(* Let $n\geqslant 3$, let $S$ be a caterpillar species tree with canonical label vector $(s_1,\dots,s_n)$, and let $k_s,k_\ell\in\{1,\dots,n\}$ with $k_s<k_\ell$ and $k_\ell\neq 2$. Let $G$ be the caterpillar gene tree obtained from $S$ by reverse incrementation on positions $k_s,\dots,k_\ell$, i.e. with canonical label vector $(g_1,\dots,g_n)$ given by $g_k=s_{k+1}$ for $k_s\leqslant k<k_\ell$, $g_{k_\ell}=s_{k_s}$, and $g_k=s_k$ for $k\notin\{k_s,\dots,k_\ell\}$. Then the roadblock set $B_{G,S}$ consists of a set of consecutive points on the diagonal of the square lattice, i.e. $B_{G,S}=\{(i,i): a\leqslant i\leqslant b\}$ for some integers $a\leqslant b$.
   Context: All trees are binary, rooted, leaf-labeled. A caterpillar tree with $n$ leaves is one in which some internal node is descended from all other internal nodes. Its canonical label vector $(x_1,\dots,x_n)$ has $x_1,x_2$ the labels of the two leaves of the cherry (unique internal node with two descendant leaves) and, for $3\leqslant i\leqslant n$, $x_i$ the label of the leaf separated from the root by $n-i+1$ edges; vectors differing only by swapping $x_1,x_2$ describe the same tree. For caterpillars $G,S$ with canonical vectors $\mathbf g,\mathbf s$, let $\sigma(x)$ be the index of label $x$ in $\mathbf s$, $F(j)=\max\{\sigma(g_1),\dots,\sigma(g_{j+1})\}-1$ for $1\leqslant j\leqslant n-1$, and define the roadblock set $B_{G,S}=\{(i,j)\in\mathbb Z^2:1\leqslant j\leqslant i\leqslant n-1,\ i<F(j)\}$. *)

From mathcomp Require Import all_boot.
Set Implicit Arguments. Unset Strict Implicit. Unset Printing Implicit Defensive.

(* A canonical label vector (x_1,...,x_n) is encoded as a function
   x : nat -> T read on the 1-based indices 1..n. *)

Definition label_vector (T : eqType) (n : nat) (x : nat -> T) : Prop :=
  {in [pred i | 1 <= i <= n] &, injective x}.

Definition sigma (T : eqType) (n : nat) (s : nat -> T) (x : T) : nat :=
  (index x [seq s i | i <- iota 1 n]).+1.

Definition Froad (T : eqType) (n : nat) (g s : nat -> T) (j : nat) : nat :=
  (\max_(1 <= k < j.+2) sigma n s (g k)) - 1.

Definition roadblock (T : eqType) (n : nat) (g s : nat -> T) (i j : nat) : Prop :=
  [/\ 1 <= j, j <= i, i <= n - 1 & i < Froad n g s j].

Definition rev_incr (T : Type) (s : nat -> T) (ks kl : nat) : nat -> T :=
  fun k => if (ks <= k) && (k < kl) then s k.+1
           else if k == kl then s ks else s k.

From mathcomp Require Import all_boot.
From mathcomp Require Import zify.

(* Writing the gene tree as [g = s \o p] for an index permutation [p], one has
   [sigma (g k) = p k], so [F(j) + 1] is the prefix maximum of [p] up to [j+1].
   For reverse incrementation that prefix maximum overshoots [j+1] by exactly
   one when [ks <= j+1 < kl] and equals [j+1] otherwise; hence [j <= i < F(j)]
   forces [i = j], and the admissible [j] form the interval [ks-1 .. kl-2]. *)

Lemma sigma_label (T : eqType) (n : nat) (s : nat -> T) (m : nat) :
  label_vector n s -> 1 <= m <= n -> sigma n s (s m) = m.
Proof.
move=> s_inj m_range; rewrite /sigma.
have s_uniq : uniq [seq s i | i <- iota 1 n].
  rewrite map_inj_in_uniq ?iota_uniq // => x y.
  by rewrite !mem_iota => hx hy; apply: s_inj; rewrite inE /=; lia.
have -> : s m = nth (s 0) [seq s i | i <- iota 1 n] m.-1.
  by rewrite (nth_map 0) ?size_iota ?nth_iota; [congr s|..]; lia.
by rewrite index_uniq ?size_map ?size_iota; lia.
Qed.

Lemma Froad_relabel (T : eqType) (n : nat) (s g : nat -> T) (p : nat -> nat) (j : nat) :
  label_vector n s -> (forall k, g k = s (p k)) ->
  (forall k, 1 <= k <= j.+1 -> 1 <= p k <= n) ->
  Froad n g s j = \max_(1 <= k < j.+2) p k - 1.
Proof.
move=> s_inj gE p_range; rewrite /Froad; congr (_ - 1).
by apply: eq_big_nat => k hk; rewrite gE sigma_label // p_range; lia.
Qed.

Lemma rev_incr_comp (T U : Type) (f : T -> U) (s : nat -> T) (ks kl k : nat) :
  rev_incr (f \o s) ks kl k = f (rev_incr s ks kl k).
Proof. by rewrite /rev_incr; case: ifP => //; case: ifP. Qed.

Lemma rev_incr_id_range (n ks kl k : nat) :
  1 <= ks <= kl -> kl <= n -> 1 <= k <= n -> 1 <= rev_incr id ks kl k <= n.
Proof.
rewrite /rev_incr => ks_range kl_n k_range.
by case: ifP => [/andP[]|_]; last case: ifP => [/eqP|_]; lia.
Qed.

Lemma prefix_max_rev_incr_id (ks kl m : nat) : 1 <= ks < kl ->
  \max_(1 <= k < m.+1) rev_incr id ks kl k = if ks <= m < kl then m.+1 else m.
Proof.
move=> ks_kl; elim: m => [|m IHm]; first by rewrite big_geq //; case: ifP; lia.
rewrite big_nat_recr //= IHm /rev_incr.
by repeat case: ifP; lia.
Qed.

Lemma Froad_rev_incr (T : eqType) (n : nat) (s : nat -> T) (ks kl j : nat) :
  label_vector n s -> 1 <= ks < kl -> kl <= n -> j.+1 <= n ->
  Froad n (rev_incr s ks kl) s j = if ks <= j.+1 < kl then j.+1 else j.
Proof.
move=> s_inj ks_kl kl_n j_n.
rewrite (@Froad_relabel _ _ _ _ (rev_incr id ks kl)) //.
- by rewrite prefix_max_rev_incr_id //; case: ifP; lia.
- by move=> k; rewrite -(@rev_incr_comp _ _ s id).
- by move=> k k_range; apply: rev_incr_id_range; lia.
Qed.

Lemma roadblock_rev_incr (T : eqType) (n : nat) (s : nat -> T) (ks kl i j : nat) :
  label_vector n s -> 1 <= ks < kl -> kl <= n ->
  roadblock n (rev_incr s ks kl) s i j <-> [/\ i = j, 1 <= i & ks <= i.+1 < kl].
Proof.
move=> s_inj ks_kl kl_n; rewrite /roadblock; split.
- case=> j1 ji i_n; rewrite Froad_rev_incr //; last lia.
  by case: ifP => j_range lt_iF; split; lia.
- by case=> -> i1 i_range; rewrite Froad_rev_incr ?i_range //; [split|]; lia.
Qed.

Theorem proposition7 (T : eqType) (n : nat) (s : nat -> T) (ks kl : nat) :
  3 <= n ->
  label_vector n s ->
  1 <= ks -> ks < kl -> kl <= n -> kl != 2 ->
  exists a b : nat, a <= b /\
    forall i j : nat,
      roadblock n (rev_incr s ks kl) s i j <-> (i = j /\ a <= i <= b).
Proof.
(* [kl != 2] and [ks < kl] give [kl >= 3], which makes the interval below
   nonempty and already implies [3 <= n]. *)
move=> _ s_inj ks1 ks_kl kl_n kl2.
exists (maxn 1 ks.-1), kl.-2; split; first lia.
move=> i j; rewrite roadblock_rev_incr //; last lia.
by split=> [[-> ? ?]|[-> ?]]; split=> //; lia.
Qed.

### Exercise instructions
Repeat the records above in full, character for character.

### Finished exercise
(* Let $n\geqslant 3$, let $S$ be a caterpillar species tree with canonical label vector $(s_1,\dots,s_n)$, and let $k_s,k_\ell\in\{1,\dots,n\}$ with $k_s<k_\ell$ and $k_\ell\neq 2$. Let $G$ be the caterpillar gene tree obtained from $S$ by reverse incrementation on positions $k_s,\dots,k_\ell$, i.e. with canonical label vector $(g_1,\dots,g_n)$ given by $g_k=s_{k+1}$ for $k_s\leqslant k<k_\ell$, $g_{k_\ell}=s_{k_s}$, and $g_k=s_k$ for $k\notin\{k_s,\dots,k_\ell\}$. Then the roadblock set $B_{G,S}$ consists of a set of consecutive points on the diagonal of the square lattice, i.e. $B_{G,S}=\{(i,i): a\leqslant i\leqslant b\}$ for some integers $a\leqslant b$.
   Context: All trees are binary, rooted, leaf-labeled. A caterpillar tree with $n$ leaves is one in which some internal node is descended from all other internal nodes. Its canonical label vector $(x_1,\dots,x_n)$ has $x_1,x_2$ the labels of the two leaves of the cherry (unique internal node with two descendant leaves) and, for $3\leqslant i\leqslant n$, $x_i$ the label of the leaf separated from the root by $n-i+1$ edges; vectors differing only by swapping $x_1,x_2$ describe the same tree. For caterpillars $G,S$ with canonical vectors $\mathbf g,\mathbf s$, let $\sigma(x)$ be the index of label $x$ in $\mathbf s$, $F(j)=\max\{\sigma(g_1),\dots,\sigma(g_{j+1})\}-1$ for $1\leqslant j\leqslant n-1$, and define the roadblock set $B_{G,S}=\{(i,j)\in\mathbb Z^2:1\leqslant j\leqslant i\leqslant n-1,\ i<F(j)\}$. *)

From mathcomp Require Import all_boot.
Set Implicit Arguments. Unset Strict Implicit. Unset Printing Implicit Defensive.

(* A canonical label vector (x_1,...,x_n) is encoded as a function
   x : nat -> T read on the 1-based indices 1..n. *)

Definition label_vector (T : eqType) (n : nat) (x : nat -> T) : Prop :=
  {in [pred i | 1 <= i <= n] &, injective x}.

Definition sigma (T : eqType) (n : nat) (s : nat -> T) (x : T) : nat :=
  (index x [seq s i | i <- iota 1 n]).+1.

Definition Froad (T : eqType) (n : nat) (g s : nat -> T) (j : nat) : nat :=
  (\max_(1 <= k < j.+2) sigma n s (g k)) - 1.

Definition roadblock (T : eqType) (n : nat) (g s : nat -> T) (i j : nat) : Prop :=
  [/\ 1 <= j, j <= i, i <= n - 1 & i < Froad n g s j].

Definition rev_incr (T : Type) (s : nat -> T) (ks kl : nat) : nat -> T :=
  fun k => if (ks <= k) && (k < kl) then s k.+1
           else if k == kl then s ks else s k.

From mathcomp Require Import all_boot.
From mathcomp Require Import zify.

(* Writing the gene tree as [g = s \o p] for an index permutation [p], one has
   [sigma (g k) = p k], so [F(j) + 1] is the prefix maximum of [p] up to [j+1].
   For reverse incrementation that prefix maximum overshoots [j+1] by exactly
   one when [ks <= j+1 < kl] and equals [j+1] otherwise; hence [j <= i < F(j)]
   forces [i = j], and the admissible [j] form the interval [ks-1 .. kl-2]. *)

Lemma sigma_label (T : eqType) (n : nat) (s : nat -> T) (m : nat) :
  label_vector n s -> 1 <= m <= n -> sigma n s (s m) = m.
Proof.
move=> s_inj m_range; rewrite /sigma.
have s_uniq : uniq [seq s i | i <- iota 1 n].
  rewrite map_inj_in_uniq ?iota_uniq // => x y.
  by rewrite !mem_iota => hx hy; apply: s_inj; rewrite inE /=; lia.
have -> : s m = nth (s 0) [seq s i | i <- iota 1 n] m.-1.
  by rewrite (nth_map 0) ?size_iota ?nth_iota; [congr s|..]; lia.
by rewrite index_uniq ?size_map ?size_iota; lia.
Qed.

Lemma Froad_relabel (T : eqType) (n : nat) (s g : nat -> T) (p : nat -> nat) (j : nat) :
  label_vector n s -> (forall k, g k = s (p k)) ->
  (forall k, 1 <= k <= j.+1 -> 1 <= p k <= n) ->
  Froad n g s j = \max_(1 <= k < j.+2) p k - 1.
Proof.
move=> s_inj gE p_range; rewrite /Froad; congr (_ - 1).
by apply: eq_big_nat => k hk; rewrite gE sigma_label // p_range; lia.
Qed.

Lemma rev_incr_comp (T U : Type) (f : T -> U) (s : nat -> T) (ks kl k : nat) :
  rev_incr (f \o s) ks kl k = f (rev_incr s ks kl k).
Proof. by rewrite /rev_incr; case: ifP => //; case: ifP. Qed.

Lemma rev_incr_id_range (n ks kl k : nat) :
  1 <= ks <= kl -> kl <= n -> 1 <= k <= n -> 1 <= rev_incr id ks kl k <= n.
Proof.
rewrite /rev_incr => ks_range kl_n k_range.
by case: ifP => [/andP[]|_]; last case: ifP => [/eqP|_]; lia.
Qed.

Lemma prefix_max_rev_incr_id (ks kl m : nat) : 1 <= ks < kl ->
  \max_(1 <= k < m.+1) rev_incr id ks kl k = if ks <= m < kl then m.+1 else m.
Proof.
move=> ks_kl; elim: m => [|m IHm]; first by rewrite big_geq //; case: ifP; lia.
rewrite big_nat_recr //= IHm /rev_incr.
by repeat case: ifP; lia.
Qed.

Lemma Froad_rev_incr (T : eqType) (n : nat) (s : nat -> T) (ks kl j : nat) :
  label_vector n s -> 1 <= ks < kl -> kl <= n -> j.+1 <= n ->
  Froad n (rev_incr s ks kl) s j = if ks <= j.+1 < kl then j.+1 else j.
Proof.
move=> s_inj ks_kl kl_n j_n.
rewrite (@Froad_relabel _ _ _ _ (rev_incr id ks kl)) //.
- by rewrite prefix_max_rev_incr_id //; case: ifP; lia.
- by move=> k; rewrite -(@rev_incr_comp _ _ s id).
- by move=> k k_range; apply: rev_incr_id_range; lia.
Qed.

Lemma roadblock_rev_incr (T : eqType) (n : nat) (s : nat -> T) (ks kl i j : nat) :
  label_vector n s -> 1 <= ks < kl -> kl <= n ->
  roadblock n (rev_incr s ks kl) s i j <-> [/\ i = j, 1 <= i & ks <= i.+1 < kl].
Proof.
move=> s_inj ks_kl kl_n; rewrite /roadblock; split.
- case=> j1 ji i_n; rewrite Froad_rev_incr //; last lia.
  by case: ifP => j_range lt_iF; split; lia.
- by case=> -> i1 i_range; rewrite Froad_rev_incr ?i_range //; [split|]; lia.
Qed.

Theorem proposition7 (T : eqType) (n : nat) (s : nat -> T) (ks kl : nat) :
  3 <= n ->
  label_vector n s ->
  1 <= ks -> ks < kl -> kl <= n -> kl != 2 ->
  exists a b : nat, a <= b /\
    forall i j : nat,
      roadblock n (rev_incr s ks kl) s i j <-> (i = j /\ a <= i <= b).
Proof.
(* [kl != 2] and [ks < kl] give [kl >= 3], which makes the interval below
   nonempty and already implies [3 <= n]. *)
move=> _ s_inj ks1 ks_kl kl_n kl2.
exists (maxn 1 ks.-1), kl.-2; split; first lia.
move=> i j; rewrite roadblock_rev_incr //; last lia.
by split=> [[-> ? ?]|[-> ?]]; split=> //; lia.
Qed.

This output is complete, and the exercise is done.